Prospective Study on Clinical Outcomes of Spontaneous Pneumothorax

Pneumothorax, Spontaneous Clinical Trial

Official title:
Prospective Study on Clinical Outcomes of Spontaneous Pneumothorax

Clinical Trial Details — Status: Recruiting

Administrative data
NCT number NCT05397717
Other study ID # PTX_outcomes_prospective
Secondary ID
Status Recruiting
Phase
First received
Last updated
Start date October 1, 2022
Est. completion date September 30, 2026

Study information
Verified date February 2023
Source Chinese University of Hong Kong
Contact Ka Pang Chan, MBChB
Phone 35052211
Email chankapang@gmail.com
Is FDA regulated No
Health authority
Study type Observational

Clinical Trial Summary

Pneumothorax can be fatal if treatment is delayed or the pneumothorax is refractory. However, the mortality rates and their risk factors were mainly reported from retrospective studies, and local data regarding the mortality of spontaneous pneumothorax is scarce. This study aims at evaluating the in-hospital mortality and relevant clinical outcomes of spontaneous pneumothorax and identifying their predictive factors. The data collected from this study will also guide the planning of subsequent research to overcome the knowledge and service gap in managing spontaneous pneumothorax.

Description:

Pneumothorax is a common respiratory disease and potentially recurrent, especially among patients with pre-existing lung diseases. It frequently requires in-patient care due to the need for invasive therapeutic procedures. Pneumothorax can be fatal if treatment is delayed or the pneumothorax is refractory. The in-hospital mortality rate of spontaneous pneumothorax ranges between 0.7% and 15%, which is dependent on age, mode of admission and presence of co-existing lung diseases. However, the mortality rates and their risk factors were mainly reported from retrospective studies, and local data regarding the mortality of spontaneous pneumothorax is scarce. A multicentre retrospective study in Hong Kong evaluating patients admitted for pneumothorax in the year 2004 reported a mortality rate of 0.6% in those who had failed drainage with intercostal tube drainage. However, this study was not powered to investigate the overall mortality rate of pneumothorax and its predictive factor.
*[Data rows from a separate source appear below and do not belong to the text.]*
(* Telescope through [(a', b, e)] and [(a', b', e)]: each partial difference is an
   explicit fraction, all of whose denominators are at least [D]. *)
Lemma psi_h_lipschitz alo blo aM bM eM a a' b b' e e' :
  0 <= alo -> alo <= a <= aM -> alo <= a' <= aM ->
  0 <= blo -> blo <= b <= bM -> blo <= b' <= bM ->
  0 <= e <= eM -> 0 <= e' <= eM ->
  let D := 1 + alo + alo * blo in
  Rabs (psi_h a b e - psi_h a' b' e') <=
  (1 + bM + bM * eM) / (D * D) * Rabs (a - a') +
  aM * (1 + eM + aM * eM) / (D * D) * Rabs (b - b') + aM * bM / D * Rabs (e - e').
Proof.
  intros. unfold psi_h.
  assert (HD : 1 <= D) by (unfold D; nra).
  assert (Hab : D <= 1 + a + a * b) by (unfold D; nra).
  assert (Hab' : D <= 1 + a' + a' * b) by (unfold D; nra).
  assert (Ha'b' : D <= 1 + a' + a' * b') by (unfold D; nra).
  replace (a * (1 + b + b * e) / (1 + a + a * b) - a' * (1 + b' + b' * e') / (1 + a' + a' * b'))
    with ((1 + b + b * e) / ((1 + a + a * b) * (1 + a' + a' * b)) * (a - a') +
          a' * (1 + e + a' * e) / ((1 + a' + a' * b) * (1 + a' + a' * b')) * (b - b') +
          a' * b' / (1 + a' + a' * b') * (e - e'))
    by (field; split; nra).
  eapply Rle_trans; [apply Rabs_triang|]. apply Rplus_le_compat;
    [eapply Rle_trans; [apply Rabs_triang|]; apply Rplus_le_compat|];
    apply Rabs_scale_le; split;
    try (apply Rle_mult_inv_pos; [try apply Rmult_le_pos|]; nra).
  - apply Rdiv_le_compat; split; try nra; apply Rmult_le_compat; lra.
  - assert (a' * e <= aM * eM) by (apply Rmult_le_compat; lra).
    apply Rdiv_le_compat; repeat split.
    + apply Rmult_le_pos; nra.
    + apply Rmult_le_compat; nra.
    + nra.
    + apply Rmult_le_compat; lra.
  - apply Rdiv_le_compat; split; try nra; apply Rmult_le_compat; lra.
Qed.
The majority of patients with pneumothorax can be discharged after the resolution of pneumothorax. However, a significant proportion of them may experience prolonged stay in the hospital due to various complications secondary to pneumothorax, including subcutaneous emphysema, persistent air leakage, and hospital-acquired pneumonia. All these conditions may cast negative impact on the overall prognosis, burden of pleural intervention and length of stay. Again, the incidence rate and determining factors of these conditions are seldomly reported. This study aims at evaluating the in-hospital mortality and relevant clinical outcomes of spontaneous pneumothorax and identifying their predictive factors. The data collected from this study will also guide the planning of subsequent research to overcome the knowledge and service gap in managing spontaneous pneumothorax.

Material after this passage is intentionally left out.